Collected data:
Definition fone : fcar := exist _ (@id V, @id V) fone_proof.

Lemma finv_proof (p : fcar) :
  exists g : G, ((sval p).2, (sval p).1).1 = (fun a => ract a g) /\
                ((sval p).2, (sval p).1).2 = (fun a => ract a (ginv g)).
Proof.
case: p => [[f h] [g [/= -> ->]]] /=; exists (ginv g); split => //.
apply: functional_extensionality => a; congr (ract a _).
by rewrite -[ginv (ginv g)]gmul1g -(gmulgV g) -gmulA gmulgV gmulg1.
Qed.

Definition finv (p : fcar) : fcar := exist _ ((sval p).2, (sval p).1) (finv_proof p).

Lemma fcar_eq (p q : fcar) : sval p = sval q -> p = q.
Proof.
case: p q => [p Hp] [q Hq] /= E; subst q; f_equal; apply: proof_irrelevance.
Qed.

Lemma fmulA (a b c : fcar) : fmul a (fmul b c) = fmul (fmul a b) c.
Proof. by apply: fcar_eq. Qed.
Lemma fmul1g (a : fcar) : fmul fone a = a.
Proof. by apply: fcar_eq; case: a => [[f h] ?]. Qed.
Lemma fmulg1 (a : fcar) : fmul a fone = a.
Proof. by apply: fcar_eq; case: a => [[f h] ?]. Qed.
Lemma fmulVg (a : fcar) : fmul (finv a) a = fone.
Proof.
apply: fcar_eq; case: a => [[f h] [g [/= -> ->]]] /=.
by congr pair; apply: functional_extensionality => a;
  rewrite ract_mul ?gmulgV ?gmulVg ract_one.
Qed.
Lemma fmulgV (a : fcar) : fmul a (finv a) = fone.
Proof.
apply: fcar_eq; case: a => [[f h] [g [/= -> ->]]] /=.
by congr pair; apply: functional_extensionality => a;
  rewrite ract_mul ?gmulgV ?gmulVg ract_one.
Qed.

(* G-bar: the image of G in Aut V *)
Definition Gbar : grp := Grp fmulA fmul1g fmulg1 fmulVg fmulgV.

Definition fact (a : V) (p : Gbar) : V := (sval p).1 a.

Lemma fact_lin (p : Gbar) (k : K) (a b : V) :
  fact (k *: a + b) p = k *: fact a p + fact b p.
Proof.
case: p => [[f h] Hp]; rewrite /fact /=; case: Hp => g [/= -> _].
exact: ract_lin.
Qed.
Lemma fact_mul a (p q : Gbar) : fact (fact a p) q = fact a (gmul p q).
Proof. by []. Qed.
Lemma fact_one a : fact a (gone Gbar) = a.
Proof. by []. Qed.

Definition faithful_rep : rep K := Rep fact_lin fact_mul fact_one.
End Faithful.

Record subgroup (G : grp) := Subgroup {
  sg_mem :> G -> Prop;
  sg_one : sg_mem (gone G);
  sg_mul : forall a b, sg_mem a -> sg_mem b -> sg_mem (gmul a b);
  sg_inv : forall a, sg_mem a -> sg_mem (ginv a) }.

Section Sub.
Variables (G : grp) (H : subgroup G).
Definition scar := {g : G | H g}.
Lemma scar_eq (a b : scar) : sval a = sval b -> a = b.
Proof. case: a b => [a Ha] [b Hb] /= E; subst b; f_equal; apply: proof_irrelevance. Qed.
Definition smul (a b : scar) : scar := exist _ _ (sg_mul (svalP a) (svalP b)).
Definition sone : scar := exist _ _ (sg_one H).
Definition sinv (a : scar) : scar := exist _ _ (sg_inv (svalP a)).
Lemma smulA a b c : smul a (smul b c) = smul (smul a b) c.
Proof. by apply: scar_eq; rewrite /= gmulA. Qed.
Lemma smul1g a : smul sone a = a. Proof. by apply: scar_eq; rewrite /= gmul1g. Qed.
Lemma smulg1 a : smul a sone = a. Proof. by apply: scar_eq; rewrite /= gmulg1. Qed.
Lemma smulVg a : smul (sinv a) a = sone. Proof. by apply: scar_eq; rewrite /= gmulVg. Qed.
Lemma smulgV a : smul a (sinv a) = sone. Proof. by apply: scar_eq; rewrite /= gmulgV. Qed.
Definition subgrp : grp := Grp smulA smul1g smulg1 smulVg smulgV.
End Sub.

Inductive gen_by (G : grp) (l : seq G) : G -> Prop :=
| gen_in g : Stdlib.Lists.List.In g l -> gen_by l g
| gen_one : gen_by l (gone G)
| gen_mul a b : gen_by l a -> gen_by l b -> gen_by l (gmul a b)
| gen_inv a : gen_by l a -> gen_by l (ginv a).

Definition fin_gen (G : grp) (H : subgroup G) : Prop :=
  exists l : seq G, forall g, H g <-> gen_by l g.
...
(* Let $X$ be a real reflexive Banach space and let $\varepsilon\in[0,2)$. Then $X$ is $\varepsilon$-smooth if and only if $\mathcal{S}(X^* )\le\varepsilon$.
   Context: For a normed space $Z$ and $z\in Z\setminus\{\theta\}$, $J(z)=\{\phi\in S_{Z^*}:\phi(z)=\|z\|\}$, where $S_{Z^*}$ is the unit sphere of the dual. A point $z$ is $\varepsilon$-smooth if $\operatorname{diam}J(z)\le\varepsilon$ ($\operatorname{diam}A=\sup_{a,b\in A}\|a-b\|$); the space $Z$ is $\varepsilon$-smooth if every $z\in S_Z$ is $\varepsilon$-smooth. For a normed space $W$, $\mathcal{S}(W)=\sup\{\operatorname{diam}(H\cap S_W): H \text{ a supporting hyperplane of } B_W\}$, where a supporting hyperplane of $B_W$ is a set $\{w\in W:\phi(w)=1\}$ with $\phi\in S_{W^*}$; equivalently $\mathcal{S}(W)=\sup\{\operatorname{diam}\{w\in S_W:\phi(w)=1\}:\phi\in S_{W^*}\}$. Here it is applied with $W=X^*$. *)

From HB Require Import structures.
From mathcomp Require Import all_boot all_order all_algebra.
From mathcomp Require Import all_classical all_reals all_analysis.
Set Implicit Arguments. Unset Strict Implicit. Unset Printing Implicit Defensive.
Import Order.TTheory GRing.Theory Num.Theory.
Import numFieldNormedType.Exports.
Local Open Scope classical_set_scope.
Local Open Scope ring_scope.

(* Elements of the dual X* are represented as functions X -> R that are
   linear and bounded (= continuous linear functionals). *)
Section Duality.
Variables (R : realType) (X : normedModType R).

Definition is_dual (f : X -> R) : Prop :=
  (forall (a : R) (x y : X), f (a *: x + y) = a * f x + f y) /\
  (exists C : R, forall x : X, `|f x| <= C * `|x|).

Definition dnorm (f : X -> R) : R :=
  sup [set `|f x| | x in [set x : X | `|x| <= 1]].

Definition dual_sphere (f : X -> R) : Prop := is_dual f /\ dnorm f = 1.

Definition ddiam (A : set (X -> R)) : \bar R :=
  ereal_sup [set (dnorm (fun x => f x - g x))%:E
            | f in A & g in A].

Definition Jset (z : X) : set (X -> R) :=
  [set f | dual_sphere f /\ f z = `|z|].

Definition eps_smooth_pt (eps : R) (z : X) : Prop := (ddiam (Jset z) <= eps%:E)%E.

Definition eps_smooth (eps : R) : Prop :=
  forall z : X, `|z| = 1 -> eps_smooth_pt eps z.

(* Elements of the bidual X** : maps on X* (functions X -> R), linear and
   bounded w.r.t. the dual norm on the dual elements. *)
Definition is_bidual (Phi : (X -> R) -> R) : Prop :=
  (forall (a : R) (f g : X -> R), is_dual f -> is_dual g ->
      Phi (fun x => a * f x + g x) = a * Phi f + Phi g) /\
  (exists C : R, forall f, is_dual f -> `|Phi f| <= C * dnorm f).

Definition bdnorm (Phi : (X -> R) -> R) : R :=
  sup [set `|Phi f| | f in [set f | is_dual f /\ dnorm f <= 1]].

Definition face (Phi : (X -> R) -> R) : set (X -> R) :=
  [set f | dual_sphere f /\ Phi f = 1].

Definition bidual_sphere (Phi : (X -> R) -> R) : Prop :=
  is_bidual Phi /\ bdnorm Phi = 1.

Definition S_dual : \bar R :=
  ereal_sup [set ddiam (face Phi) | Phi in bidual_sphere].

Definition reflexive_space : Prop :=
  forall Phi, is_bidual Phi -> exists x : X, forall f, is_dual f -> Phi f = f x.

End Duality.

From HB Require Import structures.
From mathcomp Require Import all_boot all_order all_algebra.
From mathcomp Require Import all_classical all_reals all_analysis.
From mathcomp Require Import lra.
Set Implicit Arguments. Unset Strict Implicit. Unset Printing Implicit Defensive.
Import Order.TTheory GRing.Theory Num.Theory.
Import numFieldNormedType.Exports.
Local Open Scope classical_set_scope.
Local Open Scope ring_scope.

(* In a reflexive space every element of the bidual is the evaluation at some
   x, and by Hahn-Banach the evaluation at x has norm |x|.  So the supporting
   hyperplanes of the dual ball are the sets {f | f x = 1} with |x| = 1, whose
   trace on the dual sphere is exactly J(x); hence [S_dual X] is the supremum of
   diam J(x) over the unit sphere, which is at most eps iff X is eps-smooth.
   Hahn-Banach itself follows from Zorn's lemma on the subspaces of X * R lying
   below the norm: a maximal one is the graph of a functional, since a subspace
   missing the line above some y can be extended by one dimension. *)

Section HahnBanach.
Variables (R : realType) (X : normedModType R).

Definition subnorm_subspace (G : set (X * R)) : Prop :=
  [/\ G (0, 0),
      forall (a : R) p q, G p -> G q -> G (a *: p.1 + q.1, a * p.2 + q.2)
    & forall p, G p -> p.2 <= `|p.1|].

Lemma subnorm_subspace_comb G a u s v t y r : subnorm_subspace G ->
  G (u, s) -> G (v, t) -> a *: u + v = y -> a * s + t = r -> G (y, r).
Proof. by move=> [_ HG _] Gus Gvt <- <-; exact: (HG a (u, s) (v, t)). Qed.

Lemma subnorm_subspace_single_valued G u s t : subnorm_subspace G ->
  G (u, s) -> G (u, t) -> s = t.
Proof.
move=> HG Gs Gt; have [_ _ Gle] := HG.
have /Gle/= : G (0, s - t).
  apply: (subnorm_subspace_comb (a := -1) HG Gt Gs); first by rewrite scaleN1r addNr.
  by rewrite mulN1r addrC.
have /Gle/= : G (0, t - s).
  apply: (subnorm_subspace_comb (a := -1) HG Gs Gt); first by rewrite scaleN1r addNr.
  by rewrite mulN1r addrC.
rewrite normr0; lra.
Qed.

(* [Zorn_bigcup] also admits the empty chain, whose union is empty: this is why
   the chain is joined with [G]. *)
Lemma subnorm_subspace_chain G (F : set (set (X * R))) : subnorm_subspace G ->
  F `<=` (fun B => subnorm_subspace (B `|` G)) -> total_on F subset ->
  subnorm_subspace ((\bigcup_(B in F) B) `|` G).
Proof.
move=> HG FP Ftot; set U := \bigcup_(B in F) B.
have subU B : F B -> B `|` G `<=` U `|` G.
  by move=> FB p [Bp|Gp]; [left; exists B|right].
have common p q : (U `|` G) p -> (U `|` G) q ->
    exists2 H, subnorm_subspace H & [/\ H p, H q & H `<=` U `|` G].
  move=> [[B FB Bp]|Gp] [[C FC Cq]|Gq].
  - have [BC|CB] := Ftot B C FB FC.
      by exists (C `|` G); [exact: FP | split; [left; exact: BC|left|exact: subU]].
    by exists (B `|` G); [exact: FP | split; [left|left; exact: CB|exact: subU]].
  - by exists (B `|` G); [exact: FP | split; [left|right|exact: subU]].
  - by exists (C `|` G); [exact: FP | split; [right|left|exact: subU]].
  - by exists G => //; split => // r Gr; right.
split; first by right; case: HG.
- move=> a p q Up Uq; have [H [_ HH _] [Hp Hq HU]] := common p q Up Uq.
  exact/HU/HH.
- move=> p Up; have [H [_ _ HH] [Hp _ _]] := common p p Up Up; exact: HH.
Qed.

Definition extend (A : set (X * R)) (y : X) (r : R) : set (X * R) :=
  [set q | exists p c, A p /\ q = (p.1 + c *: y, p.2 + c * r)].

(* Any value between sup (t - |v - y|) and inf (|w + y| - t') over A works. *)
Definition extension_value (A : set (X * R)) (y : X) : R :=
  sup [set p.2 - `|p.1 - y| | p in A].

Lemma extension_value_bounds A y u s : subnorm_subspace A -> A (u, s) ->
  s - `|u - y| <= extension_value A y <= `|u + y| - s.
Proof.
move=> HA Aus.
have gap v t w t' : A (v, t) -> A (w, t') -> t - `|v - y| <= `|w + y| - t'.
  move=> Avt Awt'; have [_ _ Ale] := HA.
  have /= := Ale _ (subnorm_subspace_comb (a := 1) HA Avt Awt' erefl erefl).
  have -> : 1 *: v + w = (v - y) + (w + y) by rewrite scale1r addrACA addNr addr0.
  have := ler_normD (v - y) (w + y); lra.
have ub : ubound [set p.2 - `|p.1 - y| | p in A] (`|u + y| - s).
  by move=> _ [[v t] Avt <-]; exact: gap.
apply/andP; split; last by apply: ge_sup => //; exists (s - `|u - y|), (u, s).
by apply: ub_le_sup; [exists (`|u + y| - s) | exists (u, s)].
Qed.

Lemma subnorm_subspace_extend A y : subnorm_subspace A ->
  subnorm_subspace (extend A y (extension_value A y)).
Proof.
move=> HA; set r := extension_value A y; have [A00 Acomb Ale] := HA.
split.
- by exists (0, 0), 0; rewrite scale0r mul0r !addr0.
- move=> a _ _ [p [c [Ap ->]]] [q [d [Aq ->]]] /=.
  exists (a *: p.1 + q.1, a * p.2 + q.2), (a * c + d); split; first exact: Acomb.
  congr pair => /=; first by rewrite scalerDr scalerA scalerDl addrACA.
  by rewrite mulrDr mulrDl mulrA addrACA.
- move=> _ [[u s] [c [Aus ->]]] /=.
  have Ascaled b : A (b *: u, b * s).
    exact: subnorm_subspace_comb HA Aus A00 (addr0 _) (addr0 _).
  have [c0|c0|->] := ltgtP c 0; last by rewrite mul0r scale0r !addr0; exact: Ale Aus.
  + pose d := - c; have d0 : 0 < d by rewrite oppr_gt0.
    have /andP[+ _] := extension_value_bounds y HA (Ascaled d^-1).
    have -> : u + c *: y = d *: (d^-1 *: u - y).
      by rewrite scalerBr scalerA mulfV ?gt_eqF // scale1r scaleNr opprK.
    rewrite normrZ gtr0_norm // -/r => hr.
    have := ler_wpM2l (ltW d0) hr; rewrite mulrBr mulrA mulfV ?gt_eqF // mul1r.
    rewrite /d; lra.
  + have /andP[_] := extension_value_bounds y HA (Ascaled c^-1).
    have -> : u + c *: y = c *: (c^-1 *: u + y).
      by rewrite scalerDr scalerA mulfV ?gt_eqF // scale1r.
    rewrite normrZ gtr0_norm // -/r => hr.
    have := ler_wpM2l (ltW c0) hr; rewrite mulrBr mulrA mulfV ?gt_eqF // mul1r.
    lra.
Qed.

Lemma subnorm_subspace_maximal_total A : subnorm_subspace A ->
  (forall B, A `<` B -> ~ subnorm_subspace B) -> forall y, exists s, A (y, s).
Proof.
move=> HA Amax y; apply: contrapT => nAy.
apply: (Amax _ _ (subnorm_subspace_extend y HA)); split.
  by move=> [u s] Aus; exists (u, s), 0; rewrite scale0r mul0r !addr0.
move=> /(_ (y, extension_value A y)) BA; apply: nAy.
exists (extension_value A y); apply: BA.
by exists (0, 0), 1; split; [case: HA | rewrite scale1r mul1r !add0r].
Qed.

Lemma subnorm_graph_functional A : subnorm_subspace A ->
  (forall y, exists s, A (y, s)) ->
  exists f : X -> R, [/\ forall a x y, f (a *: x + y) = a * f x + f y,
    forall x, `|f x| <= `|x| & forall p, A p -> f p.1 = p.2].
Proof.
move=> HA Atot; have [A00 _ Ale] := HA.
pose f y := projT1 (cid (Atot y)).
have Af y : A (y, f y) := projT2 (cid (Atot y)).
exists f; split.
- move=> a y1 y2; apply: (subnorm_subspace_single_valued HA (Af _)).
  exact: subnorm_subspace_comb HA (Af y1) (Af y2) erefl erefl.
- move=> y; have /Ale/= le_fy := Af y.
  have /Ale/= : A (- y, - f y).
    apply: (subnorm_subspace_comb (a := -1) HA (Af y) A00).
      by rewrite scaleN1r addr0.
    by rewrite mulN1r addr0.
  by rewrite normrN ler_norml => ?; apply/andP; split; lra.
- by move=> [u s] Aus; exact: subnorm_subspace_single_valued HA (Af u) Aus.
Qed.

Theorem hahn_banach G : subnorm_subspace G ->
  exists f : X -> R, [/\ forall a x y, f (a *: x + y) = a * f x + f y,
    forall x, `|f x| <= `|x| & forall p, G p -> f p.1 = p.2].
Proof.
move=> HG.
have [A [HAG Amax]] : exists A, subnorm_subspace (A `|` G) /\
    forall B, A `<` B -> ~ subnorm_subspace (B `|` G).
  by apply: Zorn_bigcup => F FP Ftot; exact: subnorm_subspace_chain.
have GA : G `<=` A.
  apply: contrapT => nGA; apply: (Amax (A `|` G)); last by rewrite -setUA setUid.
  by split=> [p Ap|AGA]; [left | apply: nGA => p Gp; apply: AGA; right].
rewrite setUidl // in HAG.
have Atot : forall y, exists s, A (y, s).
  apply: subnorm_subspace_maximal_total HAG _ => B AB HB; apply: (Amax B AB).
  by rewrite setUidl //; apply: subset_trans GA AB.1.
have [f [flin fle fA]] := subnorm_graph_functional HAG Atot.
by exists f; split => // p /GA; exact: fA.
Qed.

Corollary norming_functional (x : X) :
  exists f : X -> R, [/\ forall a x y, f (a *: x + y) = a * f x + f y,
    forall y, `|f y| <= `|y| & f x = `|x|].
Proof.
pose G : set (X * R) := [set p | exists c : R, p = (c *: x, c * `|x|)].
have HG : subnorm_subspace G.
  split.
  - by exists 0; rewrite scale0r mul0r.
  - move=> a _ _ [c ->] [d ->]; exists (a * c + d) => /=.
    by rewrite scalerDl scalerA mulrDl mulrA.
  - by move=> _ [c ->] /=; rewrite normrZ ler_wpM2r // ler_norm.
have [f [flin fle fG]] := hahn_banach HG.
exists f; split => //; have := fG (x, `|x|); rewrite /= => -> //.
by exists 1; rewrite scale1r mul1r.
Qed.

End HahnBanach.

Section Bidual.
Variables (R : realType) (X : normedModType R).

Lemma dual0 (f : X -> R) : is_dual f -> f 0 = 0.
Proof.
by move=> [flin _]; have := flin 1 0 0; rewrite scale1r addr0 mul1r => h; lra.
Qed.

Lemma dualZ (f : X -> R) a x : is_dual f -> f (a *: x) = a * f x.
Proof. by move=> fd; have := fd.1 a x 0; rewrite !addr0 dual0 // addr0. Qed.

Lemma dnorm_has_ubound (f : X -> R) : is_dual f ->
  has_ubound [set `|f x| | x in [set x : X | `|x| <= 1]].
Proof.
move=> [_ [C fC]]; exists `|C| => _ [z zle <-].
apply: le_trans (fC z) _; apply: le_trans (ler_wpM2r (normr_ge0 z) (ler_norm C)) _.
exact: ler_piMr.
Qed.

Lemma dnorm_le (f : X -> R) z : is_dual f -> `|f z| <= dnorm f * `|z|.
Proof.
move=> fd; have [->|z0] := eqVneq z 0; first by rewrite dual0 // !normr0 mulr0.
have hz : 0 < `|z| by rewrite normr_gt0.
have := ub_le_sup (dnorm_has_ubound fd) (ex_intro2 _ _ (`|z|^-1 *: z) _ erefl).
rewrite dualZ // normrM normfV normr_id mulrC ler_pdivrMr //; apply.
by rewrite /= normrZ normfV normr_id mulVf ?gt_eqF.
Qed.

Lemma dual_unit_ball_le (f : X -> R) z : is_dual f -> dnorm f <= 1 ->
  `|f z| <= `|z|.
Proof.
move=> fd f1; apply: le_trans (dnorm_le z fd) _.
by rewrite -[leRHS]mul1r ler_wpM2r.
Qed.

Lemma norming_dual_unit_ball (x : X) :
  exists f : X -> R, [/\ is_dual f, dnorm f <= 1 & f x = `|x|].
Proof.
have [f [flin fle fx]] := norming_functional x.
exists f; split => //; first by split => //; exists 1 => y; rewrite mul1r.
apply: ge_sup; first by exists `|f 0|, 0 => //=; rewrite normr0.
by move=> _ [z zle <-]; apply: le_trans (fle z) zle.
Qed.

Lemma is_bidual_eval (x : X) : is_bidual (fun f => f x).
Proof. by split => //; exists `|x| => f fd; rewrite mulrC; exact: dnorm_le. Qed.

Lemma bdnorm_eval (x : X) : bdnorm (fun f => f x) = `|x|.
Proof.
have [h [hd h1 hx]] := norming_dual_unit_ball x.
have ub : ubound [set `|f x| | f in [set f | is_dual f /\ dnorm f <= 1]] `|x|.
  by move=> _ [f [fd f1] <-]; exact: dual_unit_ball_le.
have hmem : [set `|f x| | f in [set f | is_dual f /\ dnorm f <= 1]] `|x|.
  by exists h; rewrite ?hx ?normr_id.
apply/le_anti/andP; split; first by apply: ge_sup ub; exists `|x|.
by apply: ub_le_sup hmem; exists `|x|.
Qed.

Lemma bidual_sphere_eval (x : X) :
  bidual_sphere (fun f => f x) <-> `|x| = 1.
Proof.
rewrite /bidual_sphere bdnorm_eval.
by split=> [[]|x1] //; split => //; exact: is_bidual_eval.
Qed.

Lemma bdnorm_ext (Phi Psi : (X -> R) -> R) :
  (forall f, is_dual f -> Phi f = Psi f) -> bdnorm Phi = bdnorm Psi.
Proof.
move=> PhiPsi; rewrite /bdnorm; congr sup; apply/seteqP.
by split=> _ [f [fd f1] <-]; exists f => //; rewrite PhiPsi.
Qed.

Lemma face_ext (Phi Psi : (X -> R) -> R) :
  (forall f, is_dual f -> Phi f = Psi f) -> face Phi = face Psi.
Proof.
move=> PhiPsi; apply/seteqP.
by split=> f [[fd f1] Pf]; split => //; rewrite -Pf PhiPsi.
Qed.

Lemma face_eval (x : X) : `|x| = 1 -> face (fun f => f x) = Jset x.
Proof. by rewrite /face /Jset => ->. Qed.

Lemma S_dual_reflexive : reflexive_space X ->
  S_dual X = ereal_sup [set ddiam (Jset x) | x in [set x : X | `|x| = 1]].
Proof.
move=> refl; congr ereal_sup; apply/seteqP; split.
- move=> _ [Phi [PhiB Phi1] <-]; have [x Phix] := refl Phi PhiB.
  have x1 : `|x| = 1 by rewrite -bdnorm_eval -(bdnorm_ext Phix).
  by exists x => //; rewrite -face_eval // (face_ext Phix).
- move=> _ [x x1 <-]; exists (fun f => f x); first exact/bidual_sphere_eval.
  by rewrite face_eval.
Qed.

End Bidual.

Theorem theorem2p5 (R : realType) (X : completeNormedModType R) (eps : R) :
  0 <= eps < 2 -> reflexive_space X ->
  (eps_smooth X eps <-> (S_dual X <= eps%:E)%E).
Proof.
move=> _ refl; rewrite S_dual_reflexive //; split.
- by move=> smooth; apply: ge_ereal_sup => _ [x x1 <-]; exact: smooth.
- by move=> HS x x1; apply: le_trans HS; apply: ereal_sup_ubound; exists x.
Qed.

WHAT TO WORK ON
Scan the records above for the lines holding "have -> : u + c *: y = c" and "-> ~ subnorm_subspace (B". Transcribe those two and every line between them word for word, and no others.

ANSWER TO THE EXERCISE
    have -> : u + c *: y = c *: (c^-1 *: u + y).
      by rewrite scalerDr scalerA mulfV ?gt_eqF // scale1r.
    rewrite normrZ gtr0_norm // -/r => hr.
    have := ler_wpM2l (ltW c0) hr; rewrite mulrBr mulrA mulfV ?gt_eqF // mul1r.
    lra.
Qed.

Lemma subnorm_subspace_maximal_total A : subnorm_subspace A ->
  (forall B, A `<` B -> ~ subnorm_subspace B) -> forall y, exists s, A (y, s).
Proof.
move=> HA Amax y; apply: contrapT => nAy.
apply: (Amax _ _ (subnorm_subspace_extend y HA)); split.
  by move=> [u s] Aus; exists (u, s), 0; rewrite scale0r mul0r !addr0.
move=> /(_ (y, extension_value A y)) BA; apply: nAy.
exists (extension_value A y); apply: BA.
by exists (0, 0), 1; split; [case: HA | rewrite scale1r mul1r !add0r].
Qed.

Lemma subnorm_graph_functional A : subnorm_subspace A ->
  (forall y, exists s, A (y, s)) ->
  exists f : X -> R, [/\ forall a x y, f (a *: x + y) = a * f x + f y,
    forall x, `|f x| <= `|x| & forall p, A p -> f p.1 = p.2].
Proof.
move=> HA Atot; have [A00 _ Ale] := HA.
pose f y := projT1 (cid (Atot y)).
have Af y : A (y, f y) := projT2 (cid (Atot y)).
exists f; split.
- move=> a y1 y2; apply: (subnorm_subspace_single_valued HA (Af _)).
  exact: subnorm_subspace_comb HA (Af y1) (Af y2) erefl erefl.
- move=> y; have /Ale/= le_fy := Af y.
  have /Ale/= : A (- y, - f y).
    apply: (subnorm_subspace_comb (a := -1) HA (Af y) A00).
      by rewrite scaleN1r addr0.
    by rewrite mulN1r addr0.
  by rewrite normrN ler_norml => ?; apply/andP; split; lra.
- by move=> [u s] Aus; exact: subnorm_subspace_single_valued HA (Af u) Aus.
Qed.

Theorem hahn_banach G : subnorm_subspace G ->
  exists f : X -> R, [/\ forall a x y, f (a *: x + y) = a * f x + f y,
    forall x, `|f x| <= `|x| & forall p, G p -> f p.1 = p.2].
Proof.
move=> HG.
have [A [HAG Amax]] : exists A, subnorm_subspace (A `|` G) /\
    forall B, A `<` B -> ~ subnorm_subspace (B `|` G).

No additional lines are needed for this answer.